* [Provided entries]

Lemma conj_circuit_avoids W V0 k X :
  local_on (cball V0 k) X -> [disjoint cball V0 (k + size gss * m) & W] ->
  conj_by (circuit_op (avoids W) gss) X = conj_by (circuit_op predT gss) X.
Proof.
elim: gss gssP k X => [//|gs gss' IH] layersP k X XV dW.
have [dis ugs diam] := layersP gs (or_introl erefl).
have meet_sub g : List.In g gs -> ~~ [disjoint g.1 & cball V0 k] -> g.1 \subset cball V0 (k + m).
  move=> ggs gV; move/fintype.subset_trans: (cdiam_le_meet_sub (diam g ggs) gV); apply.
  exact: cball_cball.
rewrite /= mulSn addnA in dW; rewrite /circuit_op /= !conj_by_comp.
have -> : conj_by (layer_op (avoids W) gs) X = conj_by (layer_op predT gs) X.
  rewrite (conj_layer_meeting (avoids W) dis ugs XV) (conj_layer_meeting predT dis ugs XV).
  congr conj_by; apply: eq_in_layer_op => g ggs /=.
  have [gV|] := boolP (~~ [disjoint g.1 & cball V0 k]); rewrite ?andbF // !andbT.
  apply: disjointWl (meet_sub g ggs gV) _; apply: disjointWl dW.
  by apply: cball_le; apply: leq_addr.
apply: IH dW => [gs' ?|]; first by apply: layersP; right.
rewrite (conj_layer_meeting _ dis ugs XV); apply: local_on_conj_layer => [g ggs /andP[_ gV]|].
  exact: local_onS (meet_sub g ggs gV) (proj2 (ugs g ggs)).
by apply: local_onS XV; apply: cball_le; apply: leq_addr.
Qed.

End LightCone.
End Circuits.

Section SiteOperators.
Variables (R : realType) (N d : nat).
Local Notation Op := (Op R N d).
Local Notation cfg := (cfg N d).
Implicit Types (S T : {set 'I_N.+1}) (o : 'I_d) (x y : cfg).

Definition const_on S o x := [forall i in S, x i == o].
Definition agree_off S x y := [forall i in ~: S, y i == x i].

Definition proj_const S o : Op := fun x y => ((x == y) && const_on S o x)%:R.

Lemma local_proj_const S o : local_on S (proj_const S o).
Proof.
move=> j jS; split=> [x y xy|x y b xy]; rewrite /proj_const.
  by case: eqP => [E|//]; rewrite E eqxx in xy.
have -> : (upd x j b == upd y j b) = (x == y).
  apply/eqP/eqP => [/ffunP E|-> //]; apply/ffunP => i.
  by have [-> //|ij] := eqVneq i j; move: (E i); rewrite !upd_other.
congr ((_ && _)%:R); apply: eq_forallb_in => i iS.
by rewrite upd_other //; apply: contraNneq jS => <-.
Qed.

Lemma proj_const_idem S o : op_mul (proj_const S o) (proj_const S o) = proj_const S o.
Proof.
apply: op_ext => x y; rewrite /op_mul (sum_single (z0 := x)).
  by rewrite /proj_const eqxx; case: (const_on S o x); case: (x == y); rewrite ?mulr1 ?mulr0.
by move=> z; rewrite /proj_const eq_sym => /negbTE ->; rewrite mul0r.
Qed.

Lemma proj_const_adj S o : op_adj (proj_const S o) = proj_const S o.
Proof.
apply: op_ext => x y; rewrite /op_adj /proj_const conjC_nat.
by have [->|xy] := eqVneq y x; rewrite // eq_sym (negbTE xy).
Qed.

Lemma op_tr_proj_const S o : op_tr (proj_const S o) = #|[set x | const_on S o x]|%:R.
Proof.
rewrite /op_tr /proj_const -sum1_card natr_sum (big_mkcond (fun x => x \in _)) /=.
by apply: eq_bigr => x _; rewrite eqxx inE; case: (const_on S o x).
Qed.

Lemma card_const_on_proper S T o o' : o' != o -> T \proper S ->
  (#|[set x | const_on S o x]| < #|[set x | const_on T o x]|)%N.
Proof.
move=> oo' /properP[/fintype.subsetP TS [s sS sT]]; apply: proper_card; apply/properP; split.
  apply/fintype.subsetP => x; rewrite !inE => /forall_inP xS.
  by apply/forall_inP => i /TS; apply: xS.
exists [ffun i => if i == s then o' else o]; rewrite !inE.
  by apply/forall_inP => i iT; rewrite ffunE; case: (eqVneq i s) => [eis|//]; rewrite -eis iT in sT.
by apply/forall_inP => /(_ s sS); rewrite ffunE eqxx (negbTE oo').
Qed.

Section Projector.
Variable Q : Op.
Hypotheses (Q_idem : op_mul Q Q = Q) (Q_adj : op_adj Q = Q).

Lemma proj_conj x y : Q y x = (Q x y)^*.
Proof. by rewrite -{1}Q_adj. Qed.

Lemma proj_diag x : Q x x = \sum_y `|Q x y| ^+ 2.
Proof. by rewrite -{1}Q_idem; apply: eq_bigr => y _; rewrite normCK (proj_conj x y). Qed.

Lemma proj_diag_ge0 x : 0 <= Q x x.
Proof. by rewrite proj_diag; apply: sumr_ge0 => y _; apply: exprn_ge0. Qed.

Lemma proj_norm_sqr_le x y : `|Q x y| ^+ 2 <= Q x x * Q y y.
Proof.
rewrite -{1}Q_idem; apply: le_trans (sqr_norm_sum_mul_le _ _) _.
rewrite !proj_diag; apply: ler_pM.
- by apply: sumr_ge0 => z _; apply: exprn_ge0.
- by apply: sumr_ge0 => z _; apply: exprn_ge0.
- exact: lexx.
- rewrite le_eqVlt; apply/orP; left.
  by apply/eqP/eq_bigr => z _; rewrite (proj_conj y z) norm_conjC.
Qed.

* [Task brief]
Count up the lines containing "Definition" in the listing above, then write that number and stop.

* [Answer to this task]
3